Sylvie's chest began to buzz. She slipped a tiny phone from her breast pocket and answered it. “Yes?” She handed it to Roscoe. “It's for you.”
He clamped it to his ear. “Who is this?”
“Eet eez eye, zee masked avenger, doer of naughty deeds and wooer of reporters' hearts.”
“Marcel?”
“Yes, boss.”
“You shouldn't be calling this number.” He remembered the yellow pad, sitting on his bedside table.

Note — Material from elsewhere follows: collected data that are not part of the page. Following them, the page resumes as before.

(* Fix $N\ge 3$. For $(p_0,p_1,p_3)\in(0,1)^3$ let $\mu_B:=\mu(p_0,p_1,p_1,p_3)$ and $\mu_C:=\mu\big((1/2+p_0)/2,(1/2+p_1)/2,(1/2+p_1)/2,(1/2+p_3)/2\big)$, with $\mu$ as defined in the context. Call $(p_0,p_1,p_3)$ a point of the Parrondo region if $\mu_B\le 0$ and $\mu_C>0$, and a point of the anti-Parrondo region if $\mu_B\ge 0$ and $\mu_C<0$. With $q_m:=1-p_m$ for $m=0,1,3$, the vector $(p_0,p_1,p_3)$ belongs to the Parrondo region if and only if $(q_3,q_1,q_0)$ belongs to the anti-Parrondo region. In particular, the Parrondo region and the anti-Parrondo region have the same (Lebesgue) volume.
   Context: Model: $N\ge 3$ players labeled $1,\ldots,N$ sit in a circle (indices mod $N$). The state space is $\Sigma=\{0,1\}^N$, with $x_i=1$ meaning player $i$ won his most recent game. For $\bm x\in\Sigma$ let $m_i(\bm x):=2x_{i-1}+x_{i+1}$ and let $\bm x^i$ be $\bm x$ with the $i$th coordinate flipped. Given $r_0,r_1,r_2,r_3\in(0,1)$ (with $s_m:=1-r_m$), each turn a uniformly random player $i$ tosses a coin with heads probability $r_{m_i(\bm x)}$, winning one unit on heads (status becomes $1$) and losing one unit on tails (status becomes $0$). This gives the irreducible aperiodic Markov chain on $\Sigma$ with $P(\bm x,\bm x^i)=N^{-1}r_{m_i(\bm x)}$ if $x_i=0$, $=N^{-1}s_{m_i(\bm x)}$ if $x_i=1$, and $P(\bm x,\bm x)=N^{-1}\big(\sum_{i:x_i=0}s_{m_i(\bm x)}+\sum_{i:x_i=1}r_{m_i(\bm x)}\big)$; let $\bm\pi$ be its stationary distribution and define the mean profit per turn $$\mu(r_0,r_1,r_2,r_3):=\sum_{\bm x\in\Sigma}\pi(\bm x)\sum_{i=1}^N N^{-1}\big[r_{m_i(\bm x)}-s_{m_i(\bm x)}\big],$$ the almost-sure limit of $S_n/n$ for the ensemble's cumulative profit $S_n$. Game $A$ uses a fair coin ($p=1/2$) for every player; game $B$ uses $(p_0,p_1,p_1,p_3)$; game $C=\tfrac12(A+B)$ (a fair coin toss decides which game is played each turn) therefore corresponds to parameters $r_m=(1/2+p_m)/2$. *)

From HB Require Import structures.
From mathcomp Require Import all_boot all_order all_algebra.
From mathcomp Require Import boolp classical_sets.
Set Implicit Arguments. Unset Strict Implicit. Unset Printing Implicit Defensive.
Import Order.TTheory GRing.Theory Num.Theory.
Local Open Scope ring_scope.

Section Model.
Variables (R : realFieldType) (N : nat).

(* states: x : 'I_N -> bool, x i = true means player i won his last game *)
Definition state := {ffun 'I_N -> bool}.

Definition mi (x : state) (i : 'I_N) : nat :=
  (2 * x (ord_pred i) + x (ordS i))%N.

Definition flip (x : state) (i : 'I_N) : state :=
  [ffun j => if j == i then ~~ x i else x j].

Definition rr (r0 r1 r2 r3 : R) (m : nat) : R :=
  match m with 0 => r0 | 1 => r1 | 2 => r2 | _ => r3 end.

(* transition probability: a uniformly random player i is chosen; he wins
   (status 1) w.p. r_{m_i(x)} and loses (status 0) w.p. s_{m_i(x)} = 1 - r_{m_i(x)} *)
Definition trans (r0 r1 r2 r3 : R) (x y : state) : R :=
  (N%:R)^-1 * \sum_(i < N)
    (let r := rr r0 r1 r2 r3 (mi x i) in
     ((y == flip x i)%:R * (if x i then 1 - r else r)
      + (y == x)%:R * (if x i then r else 1 - r))).

Definition stationary (r0 r1 r2 r3 : R) (pi : {ffun state -> R}) : Prop :=
  (forall x, 0 <= pi x) /\ \sum_x pi x = 1 /\
  forall y, \sum_x pi x * trans r0 r1 r2 r3 x y = pi y.

(* the stationary distribution (unique, the chain being irreducible) *)
Definition statdist (r0 r1 r2 r3 : R) : {ffun state -> R} :=
  xget [ffun => 0] [set pi | stationary r0 r1 r2 r3 pi].

Definition mu (r0 r1 r2 r3 : R) : R :=
  \sum_x statdist r0 r1 r2 r3 x *
    \sum_(i < N) (N%:R)^-1 *
      (rr r0 r1 r2 r3 (mi x i) - (1 - rr r0 r1 r2 r3 (mi x i))).

Definition muB (p0 p1 p3 : R) : R := mu p0 p1 p1 p3.
Definition muC (p0 p1 p3 : R) : R :=
  mu ((2^-1 + p0) / 2) ((2^-1 + p1) / 2) ((2^-1 + p1) / 2) ((2^-1 + p3) / 2).

Definition parrondo (p0 p1 p3 : R) : Prop :=
  muB p0 p1 p3 <= 0 /\ 0 < muC p0 p1 p3.
Definition anti_parrondo (p0 p1 p3 : R) : Prop :=
  0 <= muB p0 p1 p3 /\ muC p0 p1 p3 < 0.

End Model.

From HB Require Import structures.
From mathcomp Require Import all_boot all_order all_algebra.
From mathcomp Require Import boolp classical_sets.
From mathcomp Require Import ring lra.
Set Implicit Arguments. Unset Strict Implicit. Unset Printing Implicit Defensive.
Import Order.TTheory GRing.Theory Num.Theory.
Local Open Scope ring_scope.

(* Relabelling every player's status, x |-> ~~ x, turns m_i(x) = 2 x_{i-1} + x_{i+1}
   into 3 - m_i(x) and exchanges wins and losses.  Hence it conjugates the chain with
   parameters (r_0, r_1, r_2, r_3) to the chain with parameters
   (1 - r_3, 1 - r_2, 1 - r_1, 1 - r_0), maps the stationary distribution of one onto
   that of the other (the chains are irreducible, so these are unique) and reverses
   the sign of the mean profit.  The parameter map sends game B with (p_0, p_1, p_3)
   to game B with (q_3, q_1, q_0) and commutes with averaging against the fair game A,
   so it exchanges the signs of mu_B and of mu_C at once. *)

Definition irreducible (R : numDomainType) (T : finType) (P : T -> T -> R) :=
  forall Z : pred T, (forall x y, Z y -> 0 < P x y -> Z x) -> forall y x, Z y -> Z x.

Section StationaryUniqueness.
Variables (R : realDomainType) (T : finType) (P : T -> T -> R).
Hypothesis P_ge0 : forall x y, 0 <= P x y.
Hypothesis P_row : forall x, \sum_y P x y = 1.
Hypothesis P_irr : irreducible P.

Definition stationary_vec (v : T -> R) := forall y, \sum_x v x * P x y = v y.

Lemma stationary_vecD v w : stationary_vec v -> stationary_vec w ->
  stationary_vec (fun x => v x + w x).
Proof.
move=> hv hw y; under eq_bigr => x _ do rewrite mulrDl.
by rewrite big_split /= hv hw.
Qed.

Lemma stationary_vecN v : stationary_vec v -> stationary_vec (fun x => - v x).
Proof.
by move=> hv y; under eq_bigr => x _ do rewrite mulNr; rewrite sumrN hv.
Qed.

(* Triangle inequality gives [|v| <= |v| P] pointwise, and both sides have the same
   total mass because the rows of P sum to 1. *)
Lemma stationary_vec_norm v : stationary_vec v -> stationary_vec (fun x => `|v x|).
Proof.
move=> hv.
have le_norm y : `|v y| <= \sum_x `|v x| * P x y.
  rewrite -{1}hv; apply: le_trans (ler_norm_sum _ _ _) _.
  by apply: ler_sum => x _; rewrite normrM (ger0_norm (P_ge0 _ _)).
have sum_gap : \sum_y (\sum_x `|v x| * P x y - `|v y|) = 0.
  rewrite sumrB exchange_big /=.
  by under eq_bigr => x _ do rewrite -mulr_sumr P_row mulr1; rewrite subrr.
move=> y; apply/eqP; rewrite -subr_eq0; apply/eqP.
by move/psumr_eq0P: sum_gap => -> // z _; rewrite subr_ge0.
Qed.

Lemma stationary_vec_ge0_dichotomy w : (forall x, 0 <= w x) -> stationary_vec w ->
  (forall x, w x = 0) \/ (forall x, 0 < w x).
Proof.
move=> w_ge0 hw.
have [y /eqP wy0 | w_neq0] := pickP (fun x => w x == 0); last first.
  by right=> x; rewrite lt0r w_neq0 w_ge0.
left=> x; apply/eqP; apply: (P_irr (Z := fun x => w x == 0) _ (y := y)); last exact/eqP.
move=> x' y' /eqP wy'0 Pxy.
move: (hw y'); rewrite wy'0 => /psumr_eq0P sum0.
have /eqP : w x' * P x' y' = 0 by apply: sum0 => // z _; apply: mulr_ge0.
by rewrite mulf_eq0 (gt_eqF Pxy) orbF.
Qed.

(* [|v| + v] and [|v| - v] are nonnegative stationary vectors whose product vanishes,
   so one of them is identically zero and v has a constant sign. *)
Lemma stationary_vec_sum0 v : stationary_vec v -> \sum_x v x = 0 -> forall x, v x = 0.
Proof.
move=> hv sum0 x.
have hn := stationary_vec_norm hv.
have norm_ge y : `|v y| + v y >= 0 /\ `|v y| - v y >= 0.
  by have := ler_norm (v y); have := ler_norm (- v y); rewrite normrN; split; lra.
have [pos0|pos_gt0] := @stationary_vec_ge0_dichotomy (fun y => `|v y| + v y)
  (fun y => proj1 (norm_ge y)) (stationary_vecD hn hv).
  have v_le0 y : 0 <= - v y by have := pos0 y; have := norm_ge y; lra.
  have sumN0 : \sum_y - v y = 0 by rewrite sumrN sum0 oppr0.
  by apply/eqP; rewrite -oppr_eq0; apply/eqP; exact: psumr_eq0P (fun y _ => v_le0 y) sumN0 x isT.
have [neg0|neg_gt0] := @stationary_vec_ge0_dichotomy (fun y => `|v y| + - v y)
  (fun y => proj2 (norm_ge y)) (stationary_vecD hn (stationary_vecN hv)).
  have v_ge0 y : 0 <= v y by have := neg0 y; have := norm_ge y; lra.
  exact: psumr_eq0P (fun y _ => v_ge0 y) sum0 x isT.
have := pos_gt0 x; have := neg_gt0 x.
by case: (lerP 0 (v x)) => [/ger0_norm|/ltr0_norm] ->; lra.
Qed.

Lemma stationary_distr_uniq (pi sigma : T -> R) :
  \sum_x pi x = 1 -> stationary_vec pi -> \sum_x sigma x = 1 -> stationary_vec sigma ->
  forall x, pi x = sigma x.
Proof.
move=> pi1 hpi sigma1 hsigma x; apply/eqP; rewrite -subr_eq0; apply/eqP.
apply: (stationary_vec_sum0 (stationary_vecD hpi (stationary_vecN hsigma))).
by rewrite sumrB pi1 sigma1 subrr.
Qed.

End StationaryUniqueness.

Lemma flipK (N : nat) (x : state N) i : flip (flip x i) i = x.
Proof. by apply/ffunP => j; rewrite !ffunE; case: eqP => [->|]; rewrite ?eqxx ?negbK. Qed.

Lemma flip_neq (N : nat) (x : state N) i : (x == flip x i) = false.
Proof. by apply/negbTE/eqP => /ffunP /(_ i); rewrite ffunE eqxx; case: (x i). Qed.

Lemma flip_closed_full (N : nat) (Z : pred (state N)) :
  (forall y i, Z y -> Z (flip y i)) -> forall y x, Z y -> Z x.
Proof.
move=> Z_flip y x; move dist : #|[pred j | x j != y j]| => n.
elim: n y dist => [|n IH] y dist Zy.
  suff -> : x = y by [].
  apply/ffunP => j; apply/eqP/negPn/negP => neq_j.
  by move/card0_eq: dist => /(_ j); rewrite inE neq_j.
have [i /= neq_i|] := pickP [pred j | x j != y j]; last by move/eq_card0; rewrite dist.
apply: (IH (flip y i)); last exact: Z_flip.
move: dist; rewrite (cardD1 i) inE neq_i add1n => -[<-]; apply: eq_card => j.
rewrite !inE ffunE; case: (eqVneq j i) => [->|//].
by move: neq_i; case: (x i); case: (y i).
Qed.

Section Chain.
Variables (R : realFieldType) (N : nat) (r0 r1 r2 r3 : R).
Hypotheses (r0_01 : 0 < r0 < 1) (r1_01 : 0 < r1 < 1) (r2_01 : 0 < r2 < 1)
  (r3_01 : 0 < r3 < 1).
Hypothesis N_gt0 : (0 < N)%N.

Local Notation rho := (rr r0 r1 r2 r3).
Local Notation P := (@trans R N r0 r1 r2 r3).

Lemma rr_01 m : 0 < rho m < 1.
Proof. by case: m => [|[|[|m]]]. Qed.

Lemma trans_summand_ge0 (x y : state N) i :
  0 <= (y == flip x i)%:R * (if x i then 1 - rho (mi x i) else rho (mi x i))
       + (y == x)%:R * (if x i then rho (mi x i) else 1 - rho (mi x i)).
Proof.
have := rr_01 (mi x i); set r := rho _ => r_01.
by apply: addr_ge0; apply: mulr_ge0 => //; case: (x i); lra.
Qed.

Lemma trans_ge0 x y : 0 <= P x y.
Proof.
apply: mulr_ge0; first by rewrite invr_ge0.
by apply: sumr_ge0 => i _; apply: trans_summand_ge0.
Qed.

Lemma trans_row x : \sum_y P x y = 1.
Proof.
have sum_eq (a : state N) (c : R) : \sum_y (y == a)%:R * c = c.
  rewrite (bigD1 a) //= eqxx mul1r big1 ?addr0 // => y /negbTE ->.
  by rewrite mul0r.
rewrite /trans -mulr_sumr exchange_big /=.
under eq_bigr => i _ do rewrite big_split /= !sum_eq.
under eq_bigr => i _ do have -> : forall b (r : R),
  (if b then 1 - r else r) + (if b then r else 1 - r) = 1 by case=> r; ring.
by rewrite sumr_const card_ord mulVf // pnatr_eq0 -lt0n.
Qed.

Lemma trans_flip_gt0 y i : 0 < P (flip y i) y.
Proof.
apply: mulr_gt0; first by rewrite invr_gt0 ltr0n (leq_ltn_trans _ (ltn_ord i)).
rewrite (bigD1 i) //=; set rest := \sum_(j | _) _.
have rest_ge0 : 0 <= rest by apply: sumr_ge0 => j _; apply: trans_summand_ge0.
rewrite flipK eqxx flip_neq mul0r addr0 mul1r.
have := rr_01 (mi (flip y i) i); set r := rho _ => r_01.
by case: (flip y i i); lra.
Qed.

Lemma trans_irreducible : irreducible P.
Proof.
move=> Z Z_pred; apply: flip_closed_full => y i Zy.
exact: Z_pred Zy (trans_flip_gt0 y i).
Qed.

Lemma statdist_stationary pi : stationary r0 r1 r2 r3 pi -> statdist N r0 r1 r2 r3 = pi.
Proof.
move=> hpi; apply: xget_unique => // sigma [_ [sigma1 hsigma]].
case: hpi => [_ [pi1 hpi]]; apply/ffunP => x.
exact: (stationary_distr_uniq trans_ge0 trans_row trans_irreducible sigma1 hsigma pi1 hpi).
Qed.

End Chain.

Section Complement.
Variables (R : realFieldType) (N : nat) (r0 r1 r2 r3 : R).

Definition compl (x : state N) : state N := [ffun j => ~~ x j].

Lemma complK : involutive compl.
Proof. by move=> x; apply/ffunP => j; rewrite !ffunE negbK. Qed.

Lemma compl_inj : injective compl.
Proof. exact: inv_inj complK. Qed.

Lemma compl_flip x i : compl (flip x i) = flip (compl x) i.
Proof. by apply/ffunP => j; rewrite !ffunE; case: eqP. Qed.

Definition profit (s0 s1 s2 s3 : R) (x : state N) : R :=
  \sum_(i < N) (N%:R)^-1 * (rr s0 s1 s2 s3 (mi x i) - (1 - rr s0 s1 s2 s3 (mi x i))).

Lemma rr_compl x i :
  rr (1 - r3) (1 - r2) (1 - r1) (1 - r0) (mi (compl x) i) = 1 - rr r0 r1 r2 r3 (mi x i).
Proof. by rewrite /mi !ffunE; case: (x (ord_pred i)); case: (x (ordS i)). Qed.

Lemma trans_compl x y :
  trans (1 - r3) (1 - r2) (1 - r1) (1 - r0) (compl x) (compl y) = trans r0 r1 r2 r3 x y.
Proof.
congr (_ * _); apply: eq_bigr => i _ /=.
rewrite rr_compl -compl_flip !(inj_eq compl_inj) ffunE.
by case: (x i) => /=; ring.
Qed.

Lemma profit_compl x :
  profit (1 - r3) (1 - r2) (1 - r1) (1 - r0) (compl x) = - profit r0 r1 r2 r3 x.
Proof.
rewrite /profit -sumrN; apply: eq_bigr => i _.
by rewrite rr_compl; ring.
Qed.

Definition compl_distr (pi : {ffun state N -> R}) : {ffun state N -> R} :=
  [ffun y => pi (compl y)].

Lemma stationary_compl pi : stationary r0 r1 r2 r3 pi ->
  stationary (1 - r3) (1 - r2) (1 - r1) (1 - r0) (compl_distr pi).
Proof.
move=> [pi_ge0 [pi1 hpi]]; split; first by move=> x; rewrite ffunE.
split.
  by rewrite (reindex_inj compl_inj); under eq_bigr => x _ do rewrite ffunE complK.
move=> y; rewrite ffunE -hpi (reindex_inj compl_inj); apply: eq_bigr => x _.
by rewrite ffunE complK -trans_compl complK.
Qed.

End Complement.

Lemma mu_compl (R : realFieldType) (N : nat) (r0 r1 r2 r3 : R) : (0 < N)%N ->
  0 < r0 < 1 -> 0 < r1 < 1 -> 0 < r2 < 1 -> 0 < r3 < 1 ->
  mu N (1 - r3) (1 - r2) (1 - r1) (1 - r0) = - mu N r0 r1 r2 r3.
Proof.
move=> N_gt0 r0_01 r1_01 r2_01 r3_01.
have c01 (r : R) : 0 < r < 1 -> 0 < 1 - r < 1 by lra.
have [[pi hpi]|no_pi] := pselect (exists pi, stationary (N:=N) r0 r1 r2 r3 pi).
  rewrite /mu (statdist_stationary r0_01 r1_01 r2_01 r3_01 N_gt0 hpi).
  rewrite (statdist_stationary (c01 _ r3_01) (c01 _ r2_01) (c01 _ r1_01) (c01 _ r0_01)
    N_gt0 (stationary_compl hpi)).
  rewrite (reindex_inj (@compl_inj N)) -sumrN; apply: eq_bigr => x _.
  by rewrite ffunE complK -mulrN -(profit_compl r0 r1 r2 r3).
have no_pi' : ~ exists sigma, stationary (N:=N) (1 - r3) (1 - r2) (1 - r1) (1 - r0) sigma.
  move=> [sigma /stationary_compl]; rewrite !subKr => hsigma.
  by apply: no_pi; exists (compl_distr sigma).
rewrite /mu /statdist !xgetPN => [|pi hpi|sigma hsigma].
- by rewrite !big1 ?oppr0 // => x _; rewrite ffunE mul0r.
- by apply: no_pi; exists pi.
- by apply: no_pi'; exists sigma.
Qed.

Theorem theorem2 (R : realFieldType) (N : nat) (hN : (3 <= N)%N)
  (p0 p1 p3 : R)
  (hp0 : 0 < p0 < 1) (hp1 : 0 < p1 < 1) (hp3 : 0 < p3 < 1) :
  parrondo N p0 p1 p3 <-> anti_parrondo N (1 - p3) (1 - p1) (1 - p0).
Proof.
have N_gt0 : (0 < N)%N by apply: leq_trans hN.
have avg_01 (p : R) : 0 < p < 1 -> 0 < (2^-1 + p) / 2 < 1 by lra.
have avg_compl (p : R) : (2^-1 + (1 - p)) / 2 = 1 - (2^-1 + p) / 2 by field.
have muB_compl : muB N (1 - p3) (1 - p1) (1 - p0) = - muB N p0 p1 p3.
  exact: mu_compl.
have muC_compl : muC N (1 - p3) (1 - p1) (1 - p0) = - muC N p0 p1 p3.
  by rewrite /muC !avg_compl mu_compl ?avg_01.
by rewrite /parrondo /anti_parrondo muB_compl muC_compl oppr_ge0 oppr_lt0.
Qed.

“Sorry, boss,” Marcel said. He giggled.
“Have you been drinking?” Marcel and he had bonded over many, many beers when they'd met in a bar in Utica, but Roscoe had cut back lately. Drinking made you sloppy.
“No, no,” he said. “Just in a good mood is all. I'm sorry we fought, darlin', can we kiss and make up?”
“What do you want, Marcel?”
“I want to be in the story, dude. Hook me up! I want to be famous!”
Roscoe grinned despite himself. Marcel was good at fonzing dishes into place with one well-placed whack, could crack him up when the winter slush was turning his mood to pitch. Good kid, basically, but impulsive. Like Roscoe, once.